Our aim is to enroll 750 people with ALS in our PMP. Our PMP includes
participants from nearly every US state and over 40 other countries. This pioneering
partnership has resulted in the creation of the largest, patient-linked database
integrating voice recordings, movement data, medical histories, family histories,
genetics, biomarkers, and patient cell biology.
Participants actively provide valuable data every month.
As of August, 2022, PMP participants have provided:
- More than 15,000 voice recordings.
- More than 20,000 accelerometer activity data sets.
- More than 17,000 ALSFRS-R scores.
- More than 32,000 survey responses related to drug, supplement use and other health topics.
Once a month, participants are encouraged to record sample phrases to help us
interpret changes in speech. To date, we have collected over 13,500 speech
recordings from people with ALS.
We collaborate with researchers at Google to leverage their expertise in artificial
intelligence to analyze the "big data" collected from our PMP. This research
partnership resulted in the development of an algorithm that accurately generates
the ALSFRS-R speech score by simply analyzing the series of short recordings of a
person's voice. Using this algorithm we have made significant strides towards the
development of unbiased, quantitative and sensitive measures of ALS disease
ALS TDI is proud to share that our collaboration with Google has been featured in
episode two of "The Age of A.I."
a new YouTube Originals documentary series that takes an immersive look at artificial
intelligence and its potential to change the world. Watch the episode on YouTube below.
Wearable technology is hugely popular in personal healthcare. In diseases like ALS,
where a person is robbed of their ability to move, wearable technology could play
a significant role in helping to track disease progression
and ultimately be used
as an unbiased and sensitive measurement tool in ALS clinical trials.
For the first time, thanks to the hundreds of people enrolled in the PMP,
scientists at ALS TDI were able to begin to explore the potential of wearable
technology in ALS. They analyzed data from multi-limb accelerometer readings
collected monthly from hundreds of people with ALS and compared the data to
reported ALSFRS-R scores, the standard outcome measure used in
interventional clinical trials.
While additional validation of the model is needed, initial analysis suggests
that the use of accelerometers in an ALS clinical trials may reduce the
length of a trial and number of participants required by half.
In-Home Blood Collection & Biomarker Discovery
The use of sensitive biomarkers, like glucose levels for diabetes or cholesterol for heart disease, is crucial
to the diagnosis, management and tracking of a disease.
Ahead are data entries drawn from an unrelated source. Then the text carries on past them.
Lemma linear_retraction (h : {linear U -> V}) :
  exists e : {linear U -> U}, (forall u, h (e u) = 0) /\ (forall u, h u = 0 -> e u = u).
Proof.
have [h0 h_lin] := subspace_ker h.
have Phi_lin : linear_rel (fun (_ : U) a => h a = 0).
  by split=> // c u a u' a'; apply: h_lin.
have G0_lin : linear_rel (fun u a => h u = 0 /\ a = u).
  by split=> // c u a u' a' [hu ->] [hu' ->]; split; first by apply: h_lin.
have G0_fun : functional_rel (fun u a => h u = 0 /\ a = u) by move=> u a b [_ ->] [_ ->].
have G0_Phi : subrel (fun u a => h u = 0 /\ a = u) (fun _ a => h a = 0) by move=> u a [hu ->].
have [e [eG eP]] := linear_selection Phi_lin G0_lin G0_fun G0_Phi.
by exists e; split=> [u|u hu]; [apply: (eP u 0); rewrite linear0|apply: eG].
Qed.

Lemma linear_factorization (h : {linear U -> V}) (r : {linear U -> W}) (S : W -> Prop) :
  subspace S -> (forall u, S (r u)) -> (forall u, h u = 0 -> r u = 0) ->
  exists d : {linear V -> W}, (forall u, d (h u) = r u) /\ (forall v, S (d v)).
Proof.
move=> [S0 S_lin] Sr r_ker.
have Phi_lin : linear_rel (fun (_ : V) a => S a) by split=> // c v a v' a'; apply: S_lin.
have G0_lin : linear_rel (fun v a => exists u, v = h u /\ a = r u).
  split; first by exists 0; rewrite !linear0.
  by move=> c v a v' a' [u [-> ->]] [u' [-> ->]]; exists (c *: u + u'); rewrite !linearP.
have G0_fun : functional_rel (fun v a => exists u, v = h u /\ a = r u).
  move=> v a b [u [-> ->]] [u' [e ->]]; apply/eqP; rewrite -subr_eq0 -linearB.
  by rewrite r_ker // linearB e subrr.
have G0_Phi : subrel (fun v a => exists u, v = h u /\ a = r u) (fun _ a => S a).
  by move=> v a [u [_ ->]].
have [d [dG dS]] := linear_selection Phi_lin G0_lin G0_fun G0_Phi.
by exists d; split=> [u|v]; [apply: dG; exists u|apply: (dS v 0)].
Qed.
In the field of ALS research, discovering a sensitive
biomarker has been difficult
due to the time, costs and logistical burdens associated with these studies.
To help solve some of these issues ALS TDI has launched the first In-Home Blood Collection program in ALS,
allowing us to collect multiple blood samples over time from the comfort of our PMP participants' homes. In
addition, we are now able to offer whole genome sequencing to participants who are unable to travel to our
labs here in Cambridge.
A participant in this program will be sent a blood collection kit and schedule an appointment with a phlebotomist
from our partner Phlebotek
. After the blood collection, the
phlebotomist will ship the samples back to ALS TDI for processing the next day. We aim to collect blood from each
participant every three months so that we can evaluate potential biomarkers' properties as disease progresses.
The large number of blood samples we collect over time, paired with all the rest of data we collect in the PMP,
gives ALS TDI an exciting and unique opportunity to robustly validate biomarkers for ALS.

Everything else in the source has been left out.